No risk, it will make your cones a little bigger and you get a tiny amount of extra lupulin on the seed coats.






Let it pollinate all your cones this one time, then rip it out and grow a female in its place. 
Check out the picture in the paragraph titled "Seeded vs Seedless hops" HERE: Scroll down about 
a third of the page to the paragraph titled: Seeded vs Seedless hops.
There are lots of wild hops growing all over the UK, so you find occasional seeds in their diploid hops.
Commercial growers don't like seeded hops because of processing problems ...seeds leach out 
fats when they get crushed. Male hops are illegal over certain areas of Europe because of this.

Of course you could take up hop breeding as a hobby as getting a good male is the first step.

Rupert.


----------



## randyrob (29/2/08)

you've talked me into it rupert!

i might still keep it next season, just far away from my usual crop.

thanks for taking the time and effort to respond!

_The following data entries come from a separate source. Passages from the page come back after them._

(* If $\mathfrak{g}$ is a product by generators, then $\dim\mathfrak{g}\ge 10$.
   Context: All Lie algebras are finite-dimensional, complex, nilpotent and nonabelian. Product by generators of two algebras $\mathfrak{g}_1,\mathfrak{g}_2$: take bases $\{X_1,\dots,X_{m_1}\}$, $\{X'_1,\dots,X'_{m_2}\}$ such that $X_1,\dots,X_{n_1}$ generate $\mathfrak{g}_1$ and $X_{n_1+1},\dots,X_{m_1}$ span $[\mathfrak{g}_1,\mathfrak{g}_1]$, and similarly for $\mathfrak{g}_2$ with $n_2$ generators; $\mathfrak{g}_1\underline{\times}\mathfrak{g}_2$ is the Lie algebra on $\mathfrak{g}_1\oplus\mathfrak{g}_2\oplus\langle Z_1,\dots,Z_{n_1n_2}\rangle$ with the brackets of $\mathfrak{g}_1$ and of $\mathfrak{g}_2$, $[X_i,X'_j]=Z_{(i-1)n_2+j}$ for $i\le n_1$, $j\le n_2$, $[X_i,X'_j]=0$ otherwise, and the $Z_k$ central. A nilpotent Lie algebra $\mathfrak{g}$ is a product by generators if there exist (nonabelian) subalgebras $\mathfrak{h}_1,\mathfrak{h}_2$ with $\mathfrak{g}\cong\mathfrak{h}_1\underline{\times}\mathfrak{h}_2$. *)

(* Lie algebras over the complex algebraic numbers algC,
   realized concretely on coordinate spaces 'rV[algC]_n with a bracket. *)
From mathcomp Require Import all_boot all_order all_algebra all_field.
Set Implicit Arguments. Unset Strict Implicit. Unset Printing Implicit Defensive.
Import GRing.Theory Num.Theory.
Local Open Scope ring_scope.

Section LieDefs.
Variable F : fieldType.

Definition is_lie (n : nat) (br : 'rV[F]_n -> 'rV[F]_n -> 'rV[F]_n) : Prop :=
  [/\ (forall a x y z, br (a *: x + y) z = a *: br x z + br y z),
      (forall a x y z, br z (a *: x + y) = a *: br z x + br z y),
      (forall x, br x x = 0) &
      (forall x y z, br x (br y z) + br y (br z x) + br z (br x y) = 0)].

Definition lie_nilpotent (n : nat) (br : 'rV[F]_n -> 'rV[F]_n -> 'rV[F]_n) : Prop :=
  exists k : nat, forall (xs : seq 'rV[F]_n) (y : 'rV[F]_n),
    size xs = k -> foldr br y xs = 0.

Definition lie_nonabelian (n : nat) (br : 'rV[F]_n -> 'rV[F]_n -> 'rV[F]_n) : Prop :=
  exists x y, br x y != 0.

Definition br_closed (n : nat) (br : 'rV[F]_n -> 'rV[F]_n -> 'rV[F]_n)
  (V : 'M[F]_n) : Prop :=
  forall x y, (x <= V)%MS -> (y <= V)%MS -> (br x y <= V)%MS.

Definition is_derived (n : nat) (br : 'rV[F]_n -> 'rV[F]_n -> 'rV[F]_n)
  (D : 'M[F]_n) : Prop :=
  (forall x y, (br x y <= D)%MS) /\
  (forall W : 'M[F]_n, (forall x y, (br x y <= W)%MS) -> (D <= W)%MS).

Definition adapted_basis (m : nat) (br : 'rV[F]_m -> 'rV[F]_m -> 'rV[F]_m)
  (B : 'M[F]_m) (k : nat) : Prop :=
  [/\ B \in unitmx, (k <= m)%N,
      (forall V : 'M[F]_m, (forall i : 'I_m, (i < k)%N -> (row i B <= V)%MS) ->
          br_closed br V -> (1%:M <= V)%MS) &
      is_derived br (\sum_(i < m | (k <= i)%N) <<row i B>>)%MS].

Definition br_of_sc (N : nat) (c : 'I_N -> 'I_N -> 'rV[F]_N)
  (x y : 'rV[F]_N) : 'rV[F]_N :=
  \sum_(k < N) \sum_(l < N) (x 0 k * y 0 l) *: c k l.

Section Product.
Variables (m1 m2 n1 n2 : nat).
Variables (br1 : 'rV[F]_m1 -> 'rV[F]_m1 -> 'rV[F]_m1)
          (br2 : 'rV[F]_m2 -> 'rV[F]_m2 -> 'rV[F]_m2)
          (B1 : 'M[F]_m1) (B2 : 'M[F]_m2).

Local Notation N := (m1 + m2 + n1 * n2)%N.

(* Standard basis of F^N, in order: X_1..X_m1, X'_1..X'_m2, Z_1..Z_(n1 n2). *)
Definition emb1 (v : 'rV[F]_m1) : 'rV[F]_N := row_mx (row_mx v 0) 0.
Definition emb2 (v : 'rV[F]_m2) : 'rV[F]_N := row_mx (row_mx 0 v) 0.
Definition embZ (v : 'rV[F]_(n1 * n2)) : 'rV[F]_N := row_mx 0 v.

(* Z_{(i-1) n2 + j} (1-indexed) = mxvec index i * n2 + j (0-indexed). *)
Definition Zvec (i j : nat) : 'rV[F]_N :=
  embZ (mxvec (\matrix_(a < n1, b < n2) ((((a : nat) == i) && ((b : nat) == j))%:R : F))).

(* [X_i, X'_j] = Z_{ij} if i <= n1 and j <= n2, else 0. *)
Definition mixed_br (i : 'I_m1) (j : 'I_m2) : 'rV[F]_N :=
  if ((i < n1) && (j < n2))%N then Zvec i j else 0.

Definition prod_sc (k l : 'I_N) : 'rV[F]_N :=
  match split k, split l with
  | inl k', inl l' =>
    match split k', split l' with
    | inl i, inl i' => emb1 (br1 (row i B1) (row i' B1) *m invmx B1)
    | inr j, inr j' => emb2 (br2 (row j B2) (row j' B2) *m invmx B2)
    | inl i, inr j => mixed_br i j
    | inr j, inl i => - mixed_br i j
    end
  | _, _ => 0
  end.

Definition prod_gen_br : 'rV[F]_N -> 'rV[F]_N -> 'rV[F]_N := br_of_sc prod_sc.
End Product.

Definition lie_iso (n n' : nat) (br : 'rV[F]_n -> 'rV[F]_n -> 'rV[F]_n)
  (br' : 'rV[F]_n' -> 'rV[F]_n' -> 'rV[F]_n') : Prop :=
  exists f : 'M[F]_(n, n'), [/\ row_free f, row_full f &
    forall x y, br x y *m f = br' (x *m f) (y *m f)].

Definition product_by_generators (n : nat)
  (br : 'rV[F]_n -> 'rV[F]_n -> 'rV[F]_n) : Prop :=
  exists (m1 m2 n1 n2 : nat)
         (br1 : 'rV[F]_m1 -> 'rV[F]_m1 -> 'rV[F]_m1)
         (br2 : 'rV[F]_m2 -> 'rV[F]_m2 -> 'rV[F]_m2)
         (B1 : 'M[F]_m1) (B2 : 'M[F]_m2),
    [/\ is_lie br1, lie_nilpotent br1, lie_nonabelian br1 & adapted_basis br1 B1 n1] /\
    [/\ is_lie br2, lie_nilpotent br2, lie_nonabelian br2 & adapted_basis br2 B2 n2] /\
    lie_iso br (@prod_gen_br m1 m2 n1 n2 br1 br2 B1 B2).
End LieDefs.

From mathcomp Require Import all_boot all_order all_algebra all_field.
From mathcomp Require Import zify.
Set Implicit Arguments. Unset Strict Implicit. Unset Printing Implicit Defensive.
Import GRing.Theory.
Local Open Scope ring_scope.

(* A factor g_i of dimension m_i with n_i generators satisfies 2 <= n_i < m_i:
   [g_i, g_i] <> 0 is spanned by the last m_i - n_i basis vectors, and a line is
   always a subalgebra, so at most one generator would generate at most a line,
   which is abelian. Hence dim = m_1 + m_2 + n_1 n_2 >= 3 + 3 + 2 * 2. *)

Section AdaptedBasis.
Variables (F : fieldType) (n : nat) (br : 'rV[F]_n -> 'rV[F]_n -> 'rV[F]_n).

Lemma lie_br0l : is_lie br -> forall z, br 0 z = 0.
Proof.
move=> [linl _ _ _] z; apply/(addrI (br 0 z)); rewrite addr0.
by have := linl 1 0 0 z; rewrite !scale1r (addr0 (0 : 'rV[F]_n)) => /esym.
Qed.

Lemma lie_br0r : is_lie br -> forall z, br z 0 = 0.
Proof.
move=> [_ linr _ _] z; apply/(addrI (br z 0)); rewrite addr0.
by have := linr 1 0 0 z; rewrite !scale1r (addr0 (0 : 'rV[F]_n)) => /esym.
Qed.

Lemma lie_brZZ : is_lie br -> forall a b v, br (a *: v) (b *: v) = 0.
Proof.
move=> Hlie a b v; have [linl linr alt _] := Hlie.
have := linl a v 0 (b *: v); rewrite (addr0 (a *: v : 'rV[F]_n)) => ->.
have := linr b v 0 v; rewrite (addr0 (b *: v : 'rV[F]_n)) => ->.
by rewrite alt lie_br0l // lie_br0r // !addr0 !scaler0.
Qed.

Lemma br_closed_line (v : 'rV[F]_n) : is_lie br -> br_closed br <<v>>%MS.
Proof.
move=> Hlie x y; rewrite !genmxE => /sub_rVP [a ->] /sub_rVP [b ->].
by rewrite lie_brZZ // sub0mx.
Qed.

Variable B : 'M[F]_n.

Lemma adapted_basis_rank (k : nat) (V : 'M[F]_n) :
    adapted_basis br B k -> br_closed br V ->
    (forall i : 'I_n, (i < k)%N -> (row i B <= V)%MS) -> (n <= \rank V)%N.
Proof.
by move=> [_ _ gen _] closedV genV; rewrite -{1}(mxrank1 F n) mxrankS ?gen.
Qed.

Lemma adapted_basis_gen_lt (k : nat) : lie_nonabelian br -> adapted_basis br B k -> (k < n)%N.
Proof.
move=> [x [y brxy_neq0]] [_ le_kn _ [derived _]].
rewrite ltn_neqAle le_kn andbT; apply: contra brxy_neq0 => /eqP def_k.
have := derived x y; rewrite big_pred0 ?submx0 // => i.
by apply/negbTE; rewrite -ltnNge def_k.
Qed.

Lemma adapted_basis_gen_ge2 (k : nat) :
  is_lie br -> lie_nonabelian br -> adapted_basis br B k -> (2 <= k)%N.
Proof.
move=> Hlie Hnab Hadapt; have lt_kn := adapted_basis_gen_lt Hnab Hadapt.
case: k lt_kn Hadapt => [|[|//]] lt_kn Hadapt.
- have := adapted_basis_rank Hadapt (br_closed_line (v := 0) Hlie) (fun _ => ltac:(done)).
  by rewrite genmx0 mxrank0; lia.
- set v := row (Ordinal (ltnW lt_kn)) B.
  have genV (i : 'I_n) : (i < 1)%N -> (row i B <= <<v>>)%MS.
    rewrite ltnS leqn0 genmxE => /eqP i0.
    by have -> : i = Ordinal (ltnW lt_kn) by apply: val_inj.
  have := adapted_basis_rank Hadapt (br_closed_line (v := v) Hlie) genV.
  by rewrite genmxE; have := rank_leq_row v; lia.
Qed.

End AdaptedBasis.

Lemma lie_iso_dim (F : fieldType) (n n' : nat)
    (br : 'rV[F]_n -> 'rV[F]_n -> 'rV[F]_n) (br' : 'rV[F]_n' -> 'rV[F]_n' -> 'rV[F]_n') :
  lie_iso br br' -> n = n'.
Proof. by move=> [f [/eqP free_f /eqP full_f _]]; rewrite -free_f full_f. Qed.

Lemma product_dim_ge10 (m1 m2 n1 n2 : nat) :
  (2 <= n1 < m1)%N -> (2 <= n2 < m2)%N -> (10 <= m1 + m2 + n1 * n2)%N.
Proof.
move=> /andP [n1_ge2 n1_lt] /andP [n2_ge2 n2_lt].
rewrite (_ : 10 = 3 + 3 + 2 * 2)%N // !leq_add ?leq_mul //.
- exact: leq_ltn_trans n1_ge2 n1_lt.
- exact: leq_ltn_trans n2_ge2 n2_lt.
Qed.

Theorem mainTheorem7 (n : nat) (br : 'rV[algC]_n -> 'rV[algC]_n -> 'rV[algC]_n) :
  is_lie br -> lie_nilpotent br -> lie_nonabelian br ->
  product_by_generators br -> (10 <= n)%N.
Proof.
move=> _ _ _ [m1 [m2 [n1 [n2 [br1 [br2 [B1 [B2 [g1 [g2 iso]]]]]]]]]].
have [Hlie1 _ Hnab1 Hadapt1] := g1; have [Hlie2 _ Hnab2 Hadapt2] := g2.
rewrite (lie_iso_dim iso) product_dim_ge10 //; apply/andP; split.
- exact: adapted_basis_gen_ge2 Hlie1 Hnab1 Hadapt1.
- exact: adapted_basis_gen_lt Hnab1 Hadapt1.
- exact: adapted_basis_gen_ge2 Hlie2 Hnab2 Hadapt2.
- exact: adapted_basis_gen_lt Hnab2 Hadapt2.
Qed.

how is your crop going this year? surely u've got some pics we can all drool over?

Rob.


----------



## Cannabaceae (1/3/08)

randyrob said:


> you've talked me into it rupert!
> 
> i might still keep it next season, just far away from my usual crop.
> 
> ...


It is going well, though had a spider mite problem, I used emulsiied neem oil at 10ml/litre.
I keep a close eye out for them with my jewellers loupe x20 mag, so I can hit them early.
Here is the Chinook the first one to finish with a Hersbrucker coming on in the background.





Same Chinook lower down:




Golding:




Hersbrucker:




Hallertau:




Perle:




Wuertemberger, it's still growing, this was taken Feb 11th:




Cascade is still growing, this was taken Feb 17th:




Glad to get around posting some hop pics for you guys, have enjoyed
looking through this thread.
Rupert.


----------



## Guest Lurker (1/3/08)

Hmm my crop is looking puny. Nice work.


----------



## domonsura (1/3/08)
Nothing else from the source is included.